**What is being asked**
Stop after the line containing "Lemma psaddA : associative psadd.": print each line exactly from the first line of the listing up to that point.

Provided material Start Marker

Definition ps0 : pser R := Pser (fun _ => 0).
Definition psopp (f : pser R) : pser R := Pser (fun n => - coef f n).
Definition psadd (f g : pser R) : pser R := Pser (fun n => coef f n + coef g n).

Lemma psaddA : associative psadd.
Proof. by move=> f g h; apply: pserP => n /=; rewrite addrA. Qed.
Lemma psaddC : commutative psadd.
Proof. by move=> f g; apply: pserP => n /=; rewrite addrC. Qed.
Lemma psadd0 : left_id ps0 psadd.
Proof. by move=> f; apply: pserP => n /=; rewrite add0r. Qed.
Lemma psaddN : left_inverse ps0 psopp psadd.
Proof. by move=> f; apply: pserP => n /=; rewrite addNr. Qed.

HB.instance Definition _ :=
  GRing.isZmodule.Build (pser R) psaddA psaddC psadd0 psaddN.

Definition psmul (f g : pser R) : pser R :=
  Pser (fun n => \sum_(i < n.+1) coef f i * coef g (n - i)).
Definition ps1 : pser R := Pser (fun n => (n == 0)%:R).

Definition ptr (n : nat) (f : pser R) : {poly R} := \poly_(i < n.+1) coef f i.

Lemma ptr_coef n f k : (k <= n)%N -> (ptr n f)`_k = coef f k.
Proof. by move=> kn; rewrite coef_poly ltnS kn. Qed.

Lemma psmul_ptr n f g k : (k <= n)%N ->
  coef (psmul f g) k = (ptr n f * ptr n g)`_k.
Proof.
move=> kn; rewrite coefM /=; apply: eq_bigr => i _.
have ik : (i <= k)%N by rewrite -ltnS.
rewrite !ptr_coef //; first exact: leq_trans (leq_subr _ _) kn.
exact: leq_trans ik kn.
Qed.

Lemma psmulA : associative psmul.
Proof.
move=> f g h; apply: pserP => n.
rewrite (psmul_ptr _ _ (leqnn n)) [RHS](psmul_ptr _ _ (leqnn n)).
have -> : (ptr n f * ptr n (psmul g h))`_n = (ptr n f * (ptr n g * ptr n h))`_n.
  rewrite [LHS]coefM [RHS]coefM; apply: eq_bigr => i _.
  by rewrite (ptr_coef _ (leq_subr _ _)) (psmul_ptr _ _ (leq_subr i n)).
have -> : (ptr n (psmul f g) * ptr n h)`_n = ((ptr n f * ptr n g) * ptr n h)`_n.
  rewrite [LHS]coefM [RHS]coefM; apply: eq_bigr => i _.
  have iN : (i <= n)%N by rewrite -ltnS.
  by rewrite (ptr_coef _ iN) (psmul_ptr _ _ iN).
by rewrite mulrA.
Qed.

Lemma psmul1 : left_id ps1 psmul.
Proof.
move=> f; apply: pserP => n /=; rewrite big_ord_recl /= mul1r subn0 big1 ?addr0 //.
by move=> i _; rewrite mul0r.
Qed.

Lemma psmulr1 : right_id ps1 psmul.
Proof.
move=> f; apply: pserP => n /=; rewrite big_ord_recr /= subnn mulr1 big1 ?add0r //.
move=> i _; rewrite subn_eq0 leqNgt ltn_ord /=; exact: mulr0.
Qed.

Lemma psmulDl : left_distributive psmul psadd.
Proof.
move=> f g h; apply: pserP => n /=; rewrite -big_split /=.
by apply: eq_bigr => i _; rewrite mulrDl.
Qed.

Lemma psmulDr : right_distributive psmul psadd.
Proof.
move=> f g h; apply: pserP => n /=; rewrite -big_split /=.
by apply: eq_bigr => i _; rewrite mulrDr.
Qed.

Lemma ps1_neq0 : ps1 != 0.
Proof.
apply/eqP => /(congr1 (fun f => coef f 0)) /= /eqP; by rewrite oner_eq0.
Qed.

HB.instance Definition _ :=
  GRing.Zmodule_isNzRing.Build (pser R) psmulA psmul1 psmulr1 psmulDl psmulDr ps1_neq0.

Definition const_term (f : pser R) : R := coef f 0.

End PowerSeries.

From HB Require Import structures.
From mathcomp Require Import all_boot all_order all_algebra.
From mathcomp Require Import boolp.
Set Implicit Arguments. Unset Strict Implicit. Unset Printing Implicit Defensive.
Import GRing.Theory.
Local Open Scope ring_scope.

(* Evaluation at [x = 0] is a ring map R[[x]] -> R, and an element of R[[x]] is
   a unit, resp. in the Jacobson radical, as soon as its constant term is.  Lift
   the matrices conjugating A(0) into normal form to constant matrices P and Q:
   since s(0) = 0 and the off-diagonal entries of a product in M_2(T;s) do not
   involve s, the products P Q and Q P are diagonal with diagonal entries of
   constant term 1, hence invertible, and correcting Q by such an inverse yields
   an exact inverse of P.  Then Q A P has constant term the normal form; a
   diagonal conjugation makes its (1,2) entry equal to 1, and the conditions on
   u, v, w lift from the constant terms. *)

Section PowerSeries.
Variable R : nzRingType.
Implicit Types (f g : pser R) (a b : R).

Lemma pcoefM f g n : coef (f * g) n = \sum_(i < n.+1) coef f i * coef g (n - i).
Proof. by []. Qed.

Lemma pcoef1 n : coef (1 : pser R) n = (n == 0)%:R.
Proof. by []. Qed.

Fact const_term_is_zmod_morphism : zmod_morphism (@const_term R).
Proof. by []. Qed.

Fact const_term_is_monoid_morphism : monoid_morphism (@const_term R).
Proof. by split=> // f g; rewrite /const_term pcoefM big_ord1 subn0. Qed.

HB.instance Definition _ := GRing.isZmodMorphism.Build _ _ (@const_term R)
  const_term_is_zmod_morphism.
HB.instance Definition _ := GRing.isMonoidMorphism.Build _ _ (@const_term R)
  const_term_is_monoid_morphism.

Lemma const_termM f g : const_term (f * g) = const_term f * const_term g.
Proof. exact: rmorphM. Qed.

Lemma const_termB f g : const_term (f - g) = const_term f - const_term g.
Proof. exact: rmorphB. Qed.

Definition pconst a : pser R := Pser (fun n => if n is 0 then a else 0).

Provided material End Marker

**Solution to this exercise**
Definition ps0 : pser R := Pser (fun _ => 0).
Definition psopp (f : pser R) : pser R := Pser (fun n => - coef f n).
Definition psadd (f g : pser R) : pser R := Pser (fun n => coef f n + coef g n).

Lemma psaddA : associative psadd.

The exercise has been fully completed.